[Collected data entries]

Lemma splice_busy y : N y <> None -> r s <= y < C.
Proof.
case E: (N y) => [j|] // _; have [/andP [_ /andP [sj _]] /andP [hw _]] := splice_slot E.
rewrite (leq_trans sj hw) /=; case: (ltnP y t) => yt; first by have := exec_before_cmax; lia.
case/andP: hx0 => _ hx0t; rewrite splice_suffix // in E.
by have /andP [] := P_sched_busy hP (ltac:(by rewrite E) : S y <> None).
Qed.

Lemma splice_gaps_le : gaps N (r s) (r l) <= gaps S2 (r s) x0 + gaps S t (r l).
Proof.
case/andP: hx0 => hsx0 hx0t.
have htl : t <= r l by case: hP => _ _ hCl _; have := exec_before_cmax; lia.
rewrite (@gaps_cat N (r s) x0 (r l)); try lia.
rewrite (@big_cat_nat _ _ _ t) /=; try lia.
have -> : \sum_(x0 <= i < t) gap_start N (r s) i = 0.
  rewrite big1_seq // => x; rewrite mem_index_iota => hx.
  by rewrite /gap_start splice_fill.
rewrite add0n; apply: leq_add.
  rewrite leq_eqVlt; apply/orP; left; apply/eqP; apply: eq_big_nat => x /andP [_ xx0].
  by rewrite /gap_start !splice_prefix //; lia.
rewrite gapsE big_nat_cond [X in _ <= X]big_nat_cond; apply: leq_sum => x /andP [/andP [tx _] _].
rewrite /gap_start splice_suffix //.
case: (eqVneq x t) => [->|nxt]; first by case: (S t == None) => //=; case: (_ || _).
have -> : (x == r s) = false by apply/eqP; lia.
by rewrite splice_suffix //; lia.
Qed.

Lemma splice_gaps : gaps N (r s) (r l) <= g.
Proof.
case: hP => _ _ _ hg.
apply: leq_trans splice_gaps_le _; apply: leq_trans (leq_trans exec_gaps_split hg).
by rewrite leq_add2r; apply: leq_trans (gaps_mono _ _ hx0C2) hg2.
Qed.

Hypothesis k_saved :
  count_slots S2 k 0 x0 + count_slots N k x0 t < count_slots S k (r s) u + (t - u).

Lemma splice_k_lt : count_slots N k (modr r s k k) (d k) < q.
Proof.
have [busy hCd _ [_ h2 _]] := skp_schedP hS.
have [/andP [hsk hku] htC] := (exec_release, exec_before_cmax).
case/andP: hx0 => hsx0 hx0t.
have Jk : skp_jobs r s k C k by rewrite /skp_jobs /= hsk /=; case/andP: hk => -> _; lia.
rewrite -[X in _ < X](modp_k p k q) -(h2 _ Jk) (skp_count_from0 _ _ hS).
rewrite (@count_slots_from0 N k (modr r s k k)); last by move=> x /splice_slot [_ /andP []].
rewrite (@count_slots_cat N k 0 x0 (d k)) ?(@count_slots_cat N k x0 t (d k)) //; try lia.
rewrite (@count_slots_cat S k 0 u (d k)) ?(@count_slots_cat S k u t (d k)) //; try lia.
rewrite (@count_slots_ext N S2 k 0 x0); last by move=> x /andP [_ hx]; apply: splice_prefix.
rewrite (@count_slots_ext N S k t (d k)); last by move=> x /andP [hx _]; apply: splice_suffix.
rewrite (@count_slots_const S k u t) // -(@count_slots_from0 S k (r s)); first lia.
by move=> x ex; have /andP [] := busy x ltac:(by rewrite ex).
Qed.

Lemma splice_contradiction : False.
Proof.
case: hP => _ hpr hCl _; have [_ hCd hsC _] := skp_schedP hS.
have [C' hPN] := P_sched_of_valid inst hk hsC hCd hCl hpr splice_busy splice_valid splice_gaps.
exact: hmin splice_k_lt _ _ hPN.
Qed.

End Fill.

Lemma no_longer_prefix_within_exec : C2 <= t -> False.
Proof.
move=> hC2t; have [/andP [hsk hku] htC] := (exec_release, exec_before_cmax).
set N := splice S2 S C2 t A p r k.
have Adone i : A i -> count_slots N i 0 C2 = p i.
  move=> Ai; have [_ hC _] := skp_sched_job_count hS2 (prior_jobs_skp huC2 Ai) (hAJ Ai).
  by rewrite -hC; apply: count_slots_ext => x /andP [_ hx]; apply: splice_prefix.
have Nfill y : C2 <= y < t -> N y = Some k.
  move=> hy; case: (splice_fillP hy) => [[e _] //|[j _ [Aj _ cj _]]].
  rewrite -/N in cj; have := @count_slots_mono N j 0 C2 y ltac:(lia).
  by rewrite Adone //; lia.
apply: (@splice_contradiction C2) => //; rewrite -/N.
- by apply/andP; split; lia.
- by move=> y hy j; rewrite Nfill // => -[<-]; split=> // _; lia.
- move=> i Ai; rewrite (@count_slots_cat N i 0 C2 t) // Adone // count_slots_eq0 ?addn0 //.
  by move=> x hx; rewrite Nfill // => -[e]; move: (hAJ Ai); rewrite e eqxx.
- rewrite (@count_slots_const N k C2 t) //.
  by have := skp_sched_k_count C2 hS2; lia.
Qed.

Let work_left (X : schedule) y := \sum_(1 <= i < k | A i) (p i - count_slots X i 0 y).
Let work_done (X : schedule) j y := \sum_(1 <= i < k | A i && (i <= j)) count_slots X i 0 y.

Section EdfFill.

Variable x0 : nat.
Hypotheses (hx0 : r s <= x0 <= t) (fill_start : x0 + work_left S2 x0 = t).
Local Notation N := (splice S2 S x0 t A p r k).

Lemma fill_count_le y i : y <= t -> A i -> count_slots N i 0 y <= p i.
Proof.
elim: y => [|y IH] hy Ai; first by rewrite /count_slots big_geq.
case: (ltnP y x0) => yx0.
  rewrite (@count_slots_ext N S2); first exact: prior_jobs_count_le.
  by move=> x /andP [_ xy]; apply: splice_prefix; lia.
rewrite count_slotsSr //; have := IH (ltnW hy) Ai.
case: (splice_fillP (ltac:(lia) : x0 <= y < t)) => [[-> _]|[j -> [Aj _ cj _]]];
  case: eqP => [[eji]|_]; rewrite ?addn0 //.
  by move: (hAJ Ai); rewrite eji eqxx.
by subst j; rewrite addn1.
Qed.

(* If every released job of [A] is finished at [y], the remaining work of [A]
   is that of jobs released after [y], which [S] fits into [[y + 1, u)]. *)
Lemma fill_left_bound y : (forall i, A i -> r i <= y -> p i <= count_slots N i 0 y) ->
  work_left N y <= u - y.+1.
Proof.
move=> hall; apply: leq_trans (sum_count_slots_le S 1 k (fun i => A i && (y < r i)) y.+1 u).
rewrite /work_left big_mkcond [X in _ <= X]big_mkcond /=; apply: leq_sum => i _.
case Ai: (A i) => //=; case: (ltnP y (r i)) => yr.
  by rewrite (prior_jobs_count_from Ai yr) leq_subr.
by rewrite (eqP (_ : p i - _ == 0)) // subn_eq0 hall.
Qed.

Lemma fill_pick_of_left y : x0 <= y < t -> work_left N y = t - y ->
  exists2 j, N y = Some j & [/\ A j, r j <= y, count_slots N j 0 y < p j &
    forall i, A i -> r i <= y -> count_slots N i 0 y < p i -> j <= i].
Proof.
move=> hy hleft; case: (splice_fillP hy) => [[_ hall]|//].
by have := fill_left_bound hall; lia.
Qed.

(* The fill never idles and never runs [k], so the remaining work of [A]
   decreases by one per slot. *)
Lemma fill_left y : x0 <= y <= t -> work_left N y = t - y.
Proof.
case/andP=> hy; rewrite -(subnKC hy); elim: (y - x0) => [|m IH] hm.
  rewrite addn0 -[in RHS]fill_start addKn; apply: eq_bigr => i _.
  by congr (_ - _); apply: count_slots_ext => x /andP [_ hx]; apply: splice_prefix.
have [j ej [Aj _ _ _]] := fill_pick_of_left (ltac:(lia) : x0 <= x0 + m < t) (IH ltac:(lia)).
suff : work_left N (x0 + m) = work_left N (x0 + m).+1 + 1.
  by rewrite [x0 + m.+1]addnS; move: (IH ltac:(lia)); lia.
rewrite /work_left.
have -> : \sum_(1 <= i < k | A i) (p i - count_slots N i 0 (x0 + m)) =
          \sum_(1 <= i < k | A i) ((p i - count_slots N i 0 (x0 + m).+1) + (N (x0 + m) == Some i)).
  apply: eq_bigr => i Ai; have := fill_count_le (ltac:(lia) : (x0 + m).+1 <= t) Ai.
  rewrite count_slotsSr //; lia.
rewrite big_split /=; congr (_ + _); apply/eqP; rewrite eqn_leq sum_eq_Some_le1 /=.
have := @leq_term_sum (fun i => (N (x0 + m) == Some i) : nat) A 1 k j.
by rewrite /= ej eqxx; apply=> //; have := hAk Aj; lia.
Qed.

Lemma fill_pick y : x0 <= y < t ->
  exists2 j, N y = Some j & [/\ A j, r j <= y, count_slots N j 0 y < p j &
    forall i, A i -> r i <= y -> count_slots N i 0 y < p i -> j <= i].
Proof. by move=> hy; apply: fill_pick_of_left => //; apply: fill_left; lia. Qed.

(* When the fill runs a job of index larger than [j], every released job of
   index at most [j] is already finished. *)
Lemma fill_work_done j y : x0 <= y <= t -> work_done S2 j y <= work_done N j y.
Proof.
have Wsucc X y' : work_done X j y'.+1 =
    work_done X j y' + \sum_(1 <= i < k | A i && (i <= j)) ((X y' == Some i) : nat).
  by rewrite /work_done -big_split /=; apply: eq_bigr => i _; rewrite count_slotsSr.
case/andP=> hy; rewrite -(subnKC hy); elim: (y - x0) => [|m IH] hm.
  rewrite addn0 /work_done; apply: leq_sum => i _.
  by rewrite (@count_slots_ext N S2) // => x /andP [_ hx]; apply: splice_prefix.
have [js ej [Aj rj cj hmn]] := fill_pick (ltac:(lia) : x0 <= x0 + m < t).
rewrite addnS; case: (leqP js j) => hjs.
  rewrite !Wsucc; have := IH ltac:(lia).
  have := sum_eq_Some_le1 (S2 (x0 + m)) 1 k (fun i => A i && (i <= j)).
  have : 1 <= \sum_(1 <= i < k | A i && (i <= j)) ((N (x0 + m) == Some i) : nat).
    have := @leq_term_sum (fun i => (N (x0 + m) == Some i) : nat) (fun i => A i && (i <= j)) 1 k js.
    by rewrite /= Aj hjs ej eqxx; apply; have := hAk Aj; lia.
  lia.
rewrite /work_done; apply: leq_sum => i /andP [Ai ij].
case: (leqP (r i) (x0 + m)) => ri.
  have hp : p i <= count_slots N i 0 (x0 + m).
    by rewrite leqNgt; apply/negP => lt; have := hmn i Ai ri lt; lia.
  by apply: leq_trans (prior_jobs_count_le _ Ai) (leq_trans hp (count_slots_mono _ _ _ _)).
rewrite (@count_slots_eq0 S2 i 0) // => x /andP [_ hx] e.
have [_ /andP [rx _]] := skp_sched_slot hS2 e; rewrite modr_ne ?hAJ // in rx; lia.
Qed.

Lemma fill_deadline y j : x0 <= y < t -> N y = Some j -> y < d j.
Proof.
move=> hy e; have [js ej [Aj rj cj hmn]] := fill_pick hy.
move: e; rewrite ej => -[ejj]; subst js.
rewrite ltnNge; apply/negP => djy.
set y' := maxn x0 (d j).
have hy' : y' <= y by rewrite geq_max; case/andP: hy => -> _.
have hjn : j <= n by have := hAk Aj; case/andP: hk => _; lia.
have hsp : \sum_(1 <= i < k | A i && (i <= j)) p i <= work_done N j y'.
  apply: leq_trans (fill_work_done j (ltac:(lia) : x0 <= y' <= t)).
  rewrite /work_done; apply: leq_sum => i /andP [Ai ij].
  have [_ _ hdi] := skp_sched_job_count hS2 (prior_jobs_skp huC2 Ai) (hAJ Ai).
  rewrite -{1}hdi; apply: count_slots_mono; apply: leq_trans (leq_maxr x0 (d j)).
  by apply: (instance_d_mono inst _ ij hjn); case/andP: (hAk Ai).
have hz : \sum_(1 <= i < k | A i && (i <= j)) (p i - count_slots N i 0 y') = 0.
  rewrite sumnB; first by apply/eqP; rewrite subn_eq0.
  by move=> i /andP [Ai _]; apply: fill_count_le; lia.
have := @sum_eq0_term (fun i => p i - count_slots N i 0 y') (fun i => A i && (i <= j)) 1 k j hz.
rewrite /= Aj leqnn => /(_ ltac:(have := hAk Aj; lia) isT).
have := @count_slots_mono N j 0 y' y hy'; lia.
Qed.

End EdfFill.

Lemma no_longer_prefix_beyond_exec : t < C2 -> False.
Proof.
move=> htC2; have [/andP [hsk hku] htC] := (exec_release, exec_before_cmax).
pose f y := y + work_left S2 y.
have fstep y : f y.+1 <= (f y).+1.
  rewrite /f /work_left -addSn leq_add2l; apply: leq_sum => i _.
  by apply: leq_sub2l; apply: count_slots_mono.
have frs : f (r s) <= u.
  have : work_left S2 (r s) <= u - r s.
    apply: leq_trans (sum_count_slots_le S 1 k A (r s) u); apply: leq_sum => i Ai.
    by rewrite prior_jobs_count_from ?leq_subr //; case/andP: Ai => _ /andP [].
  rewrite /f; lia.
have [x0 hx0 fx0] := @nat_ivt f (r s) t t fstep ltac:(lia) ltac:(lia) (leq_addr _ _).
apply: (@splice_contradiction x0) => //.
- lia.
- move=> y hy j e; have [js ej [Aj _ _ _]] := fill_pick hx0 fx0 hy.
  rewrite ej in e; case: e => ejs; subst js.
  split=> [ejk|_]; last by have := fill_deadline hx0 fx0 hy ej.
  by move: (hAJ Aj); rewrite ejk eqxx.
- move=> i Ai; have := fill_left hx0 fx0 (ltac:(lia) : x0 <= t <= t); rewrite subnn => h0.
  have := @sum_eq0_term _ A 1 k i h0 (ltac:(have := hAk Ai; lia)) Ai.
  by have := fill_count_le hx0 fx0 (leqnn t) Ai; lia.
- rewrite (@count_slots_eq0 _ k x0 t); last first.
    move=> x hx e; have [js ej [Aj _ _ _]] := fill_pick hx0 fx0 hx.
    by rewrite e in ej; case: ej => ejs; move: (hAJ Aj); rewrite -ejs eqxx.
  by have := skp_sched_k_count x0 hS2; lia.
Qed.

End Splice.

Hypothesis hint : S u.-1 <> None \/ u = r s.
(* Words over V Gamma represent elements of W_Gamma. One elementary move:
   swap two adjacent commuting letters (v v' -> v' v for (v,v') in E),
   or delete a square v v. *)
Definition rstep (T : eqType) (e : rel T) (u w : seq T) : Prop :=
  (exists a b x y, e x y /\ u = a ++ x :: y :: b /\ w = a ++ y :: x :: b)
  \/ (exists a b x, u = a ++ x :: x :: b /\ w = a ++ b).

(* Equality in W_Gamma = <V | v^2 = e, vv' = v'v for (v,v') in E>:
   the equivalence relation generated by elementary moves. *)
Definition weq (T : eqType) (e : rel T) : seq T -> seq T -> Prop :=
  clos_refl_sym_trans (seq T) (@rstep T e).

Lemma wlen_ex (T : eqType) (e : rel T) (w : seq T) :
  exists n, `[< exists u : seq T, size u = n /\ weq e u w >].
Proof.
exists (size w); apply/asboolP; exists w; split => //; exact: rst_refl.
Qed.

Definition wlen (T : eqType) (e : rel T) (w : seq T) : nat :=
  ex_minn (wlen_ex e w).

(* Group operations on representatives: product = concatenation,
   inverse = reversal (generators are involutions), identity = [::]. *)
Definition winv (T : Type) (w : seq T) : seq T := rev w.
Definition wpow (T : Type) (w : seq T) (L : nat) : seq T := flatten (nseq L w).

(* Right weak Bruhat order: u <= w iff |u^{-1} w| = |w| - |u|
   (stated additively, avoiding truncated subtraction). *)
Definition wle (T : eqType) (e : rel T) (u w : seq T) : Prop :=
  wlen e (winv u ++ w) + wlen e u = wlen e w.
Lemma open_small_step (U : X -> Prop) z y : is_open U -> U z ->
  forall d, 0 < d -> exists t, t <> 0 /\ Rabs t < d /\ U (vadd z (vscal t y)).
Proof.
move=> HU Hz d Hd; have [L [e [He HL]]] := HU z Hz.
have := big_snorm_ge0 y L; set S := \big[Rplus/0]_(i <- L) _ => HS.
set r := Rmin d e.
have Hr : 0 < r by apply: Rmin_pos.
have Hrd : r <= d := Rmin_l d e.
have Hre : r <= e := Rmin_r d e.
have Ht : 0 < r / (2 * (S + 1)) by apply: Rdiv_lt_0_compat; lra.
have Htr : r / (2 * (S + 1)) * (2 * (S + 1)) = r by field; lra.
exists (r / (2 * (S + 1))); split; first lra.
split; first by rewrite Rabs_pos_eq; nra.
apply: HL => i Hi; rewrite vsub_addl snorm_scal Rabs_pos_eq; last lra.
have := snorm_le_big y Hi; have := snorm_ge0 i y; rewrite -/S; nra.
Qed.

End VectorFacts.

Definition vlinear (X Y : lcs) (M : X -> Y) : Prop :=
  (forall x y, M (vadd x y) = vadd (M x) (M y)) /\
  (forall a x, M (vscal a x) = vscal a (M x)).

Definition vbounded (X Y : lcs) (M : X -> Y) : Prop :=
  forall j, exists i c, 0 <= c /\ forall x, snorm j (M x) <= c * snorm i x.

Lemma vlinear_sub (X Y : lcs) (M : X -> Y) x y :
  vlinear M -> M (vsub x y) = vsub (M x) (M y).
Proof. by case=> Madd Mscal; rewrite /vsub Madd !vopp_scal Mscal. Qed.

Lemma vlinear_id {X : lcs} : vlinear (@id X).
Proof. by []. Qed.

Lemma vlinear_scal {X : lcs} a : vlinear (@vscal X a).
Proof. by split=> [x y|b x]; rewrite ?vscalDr // !vscalA Rmult_comm. Qed.

Lemma vbounded_scal {X : lcs} a : vbounded (@vscal X a).
Proof.
move=> j; exists j, (Rabs a); split=> [|x]; first exact: Rabs_pos.
by rewrite snorm_scal; apply: Rle_refl.
Qed.

Definition vlim (Y : lcs) (P : R -> Prop) (g : R -> Y) (a : Y) : Prop :=
  forall j eps, 0 < eps -> exists d, 0 < d /\
    forall t, t <> 0 -> Rabs t < d -> P t -> snorm j (vsub (g t) a) < eps.

Section Limits.
Variable Y : lcs.
Implicit Types (P Q : R -> Prop) (g h : R -> Y) (a b : Y).

Lemma vlim_unique P g a b :
  (forall d, 0 < d -> exists t, t <> 0 /\ Rabs t < d /\ P t) ->
  vlim P g a -> vlim P g b -> a = b.
Proof.
move=> HP Ha Hb; apply: vsub_eq0; apply: snorm_sep => j.
apply: Rle_antisym; last exact: snorm_ge0.
apply: Rnot_lt_le => Hpos.
have He : 0 < snorm j (vsub a b) / 2 by lra.
have [da [Hda Ha']] := Ha j _ He; have [db [Hdb Hb']] := Hb j _ He.
have [t [Ht0 [Htd Pt]]] := HP (Rmin da db) (Rmin_pos _ _ Hda Hdb).
have := Ha' t Ht0 (Rlt_le_trans _ _ _ Htd (Rmin_l _ _)) Pt.
have := Hb' t Ht0 (Rlt_le_trans _ _ _ Htd (Rmin_r _ _)) Pt.
have := snorm_add j (vsub a (g t)) (vsub (g t) b).
rewrite vsub_trans (snorm_vsubC j a (g t)); lra.
Qed.

Lemma vlim_ext P Q g h a : vlim Q g a ->
  (forall t, t <> 0 -> P t -> Q t /\ h t = g t) -> vlim P h a.
Proof.
move=> Hg HPQ j eps Heps; have [d [Hd Hd']] := Hg j eps Heps.
exists d; split=> // t Ht0 Htd Pt; have [Qt ->] := HPQ t Ht0 Pt; exact: Hd'.
Qed.

Lemma vlim_rescale P g a c : c <> 0 ->
  vlim P g a -> vlim (fun t => P (c * t)) (fun t => g (c * t)) a.
Proof.
move=> Hc Hg j eps Heps; have [d [Hd Hd']] := Hg j eps Heps.
have Hac : 0 < Rabs c by apply: Rabs_pos_lt.
exists (d / Rabs c); split=> [|t Ht0 Htd Pt]; first exact: Rdiv_lt_0_compat.
apply: Hd' => //; first exact: Rmult_integral_contrapositive.
rewrite Rabs_mult; apply: (Rmult_lt_reg_r (/ Rabs c)); first exact: Rinv_0_lt_compat.
by rewrite Rmult_comm -Rmult_assoc Rinv_l ?Rmult_1_l; lra.
Qed.

End Limits.

Lemma vlim_map (X Y : lcs) (M : X -> Y) P g a : vlinear M -> vbounded M ->
  vlim P g a -> vlim P (fun t => M (g t)) (M a).
Proof.
move=> Mlin Mbnd Hg j eps Heps; have [i [c [Hc Hbound]]] := Mbnd j.
have Hc1 : 0 < eps / (c + 1) by apply: Rdiv_lt_0_compat; lra.
have Hce : eps / (c + 1) * (c + 1) = eps by field; lra.
have [d [Hd Hd']] := Hg i _ Hc1.
exists d; split=> // t Ht0 Htd Pt; rewrite -vlinear_sub //.
have := Hbound (vsub (g t) a); have := Hd' t Ht0 Htd Pt; nra.
Qed.

Definition dquot (X Y : lcs) (D : X -> seq X -> Y) z ys y t : Y :=
  vscal (/ t) (vsub (D (vadd z (vscal t y)) ys) (D z ys)).

Section DirectionalDerivatives.
Variables (X Y : lcs) (U : X -> Prop) (f : X -> Y) (D : X -> seq X -> Y).
Hypotheses (HUo : is_open U) (HD : is_dfamily U f D).

Lemma dfamily_dquot z ys y : U z ->
  vlim (fun t => U (vadd z (vscal t y))) (dquot D z ys y) (D z (rcons ys y)).
Proof. by move=> Hz; apply: HD.2. Qed.

Lemma dfamily_scal_last c z ys y : c <> 0 -> U z ->
  D z (rcons ys (vscal c y)) = vscal c (D z (rcons ys y)).
Proof.
move=> Hc Hz.
apply: (vlim_unique (open_small_step _ HUo Hz) (dfamily_dquot _ _ Hz)).
have Hlim := vlim_map (vlinear_scal c) (vbounded_scal c)
               (vlim_rescale Hc (dfamily_dquot ys y Hz)).
refine (vlim_ext Hlim _) => t Ht0 Pt.
rewrite vscalA Rmult_comm in Pt; split=> //.
rewrite /dquot vscalA Rmult_comm vscalA; congr (vscal _ (vsub (D (vadd z _) _) _)).
by field.
Qed.

Lemma dfamily_intertwine_step (L : X -> X) (M : Y -> Y) A B y :
  vlinear L -> (forall z, U z -> U (L z)) -> vlinear M -> vbounded M ->
  (forall z, U z -> D (L z) A = M (D z B)) ->
  forall z, U z -> D (L z) (rcons A (L y)) = M (D z (rcons B y)).
Proof.
move=> Llin HLU Mlin Mbnd HAB z Hz.
have L_line t : L (vadd z (vscal t y)) = vadd (L z) (vscal t (L y)).
  by rewrite Llin.1 Llin.2.
apply: (vlim_unique (open_small_step y HUo Hz)).
- refine (vlim_ext (dfamily_dquot A (L y) (HLU z Hz)) _) => t _ Pt.
  by rewrite -L_line; split=> //; apply: HLU.
- refine (vlim_ext (vlim_map Mlin Mbnd (dfamily_dquot B y Hz)) _) => t _ Pt.
  by split=> //; rewrite /dquot -L_line !HAB // Mlin.2 (vlinear_sub _ _ Mlin).
Qed.

Lemma dfamily_scal_all (cs : nat -> R) (ys : nat -> X) l z :
  (forall i, cs i <> 0) -> U z ->
  D z [seq vscal (cs i) (ys i) | i <- l] =
  vscal (\big[Rmult/1]_(i <- l) cs i) (D z [seq ys i | i <- l]).
Proof.
move=> Hcs; elim/last_ind: l z => [|l i IH] z Hz; first by rewrite big_nil vscal1.
rewrite !map_rcons dfamily_scal_last // big_rcons /= Rmult_comm -vscalA; congr vscal.
exact: (@dfamily_intertwine_step id _ _ _ (ys i) vlinear_id (fun _ h => h)
          (vlinear_scal _) (vbounded_scal _) IH z Hz).
Qed.

End DirectionalDerivatives.

Section GrassmannAlgebra.
Variable m : nat.
Implicit Types (u v : grass m) (I J K : {set 'I_m}).

Lemma big_gbasis (F : {set 'I_m} -> R) I : \big[Rplus/0]_J (gbasis I J * F J) = F I.
Proof.
rewrite (bigD1 I) //= big1 => [|J /negbTE HJ]; last by rewrite /gbasis HJ; ring.
by rewrite /gbasis eqxx; ring.
Qed.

→ **Your assignment**:
Repeat every line of the data word for word until you have repeated the line that contains "rewrite (@gaps_cat N", which is the last one to include.

→ **Response box**:
Lemma splice_busy y : N y <> None -> r s <= y < C.
Proof.
case E: (N y) => [j|] // _; have [/andP [_ /andP [sj _]] /andP [hw _]] := splice_slot E.
rewrite (leq_trans sj hw) /=; case: (ltnP y t) => yt; first by have := exec_before_cmax; lia.
case/andP: hx0 => _ hx0t; rewrite splice_suffix // in E.
by have /andP [] := P_sched_busy hP (ltac:(by rewrite E) : S y <> None).
Qed.

Lemma splice_gaps_le : gaps N (r s) (r l) <= gaps S2 (r s) x0 + gaps S t (r l).
Proof.
case/andP: hx0 => hsx0 hx0t.
have htl : t <= r l by case: hP => _ _ hCl _; have := exec_before_cmax; lia.
rewrite (@gaps_cat N (r s) x0 (r l)); try lia.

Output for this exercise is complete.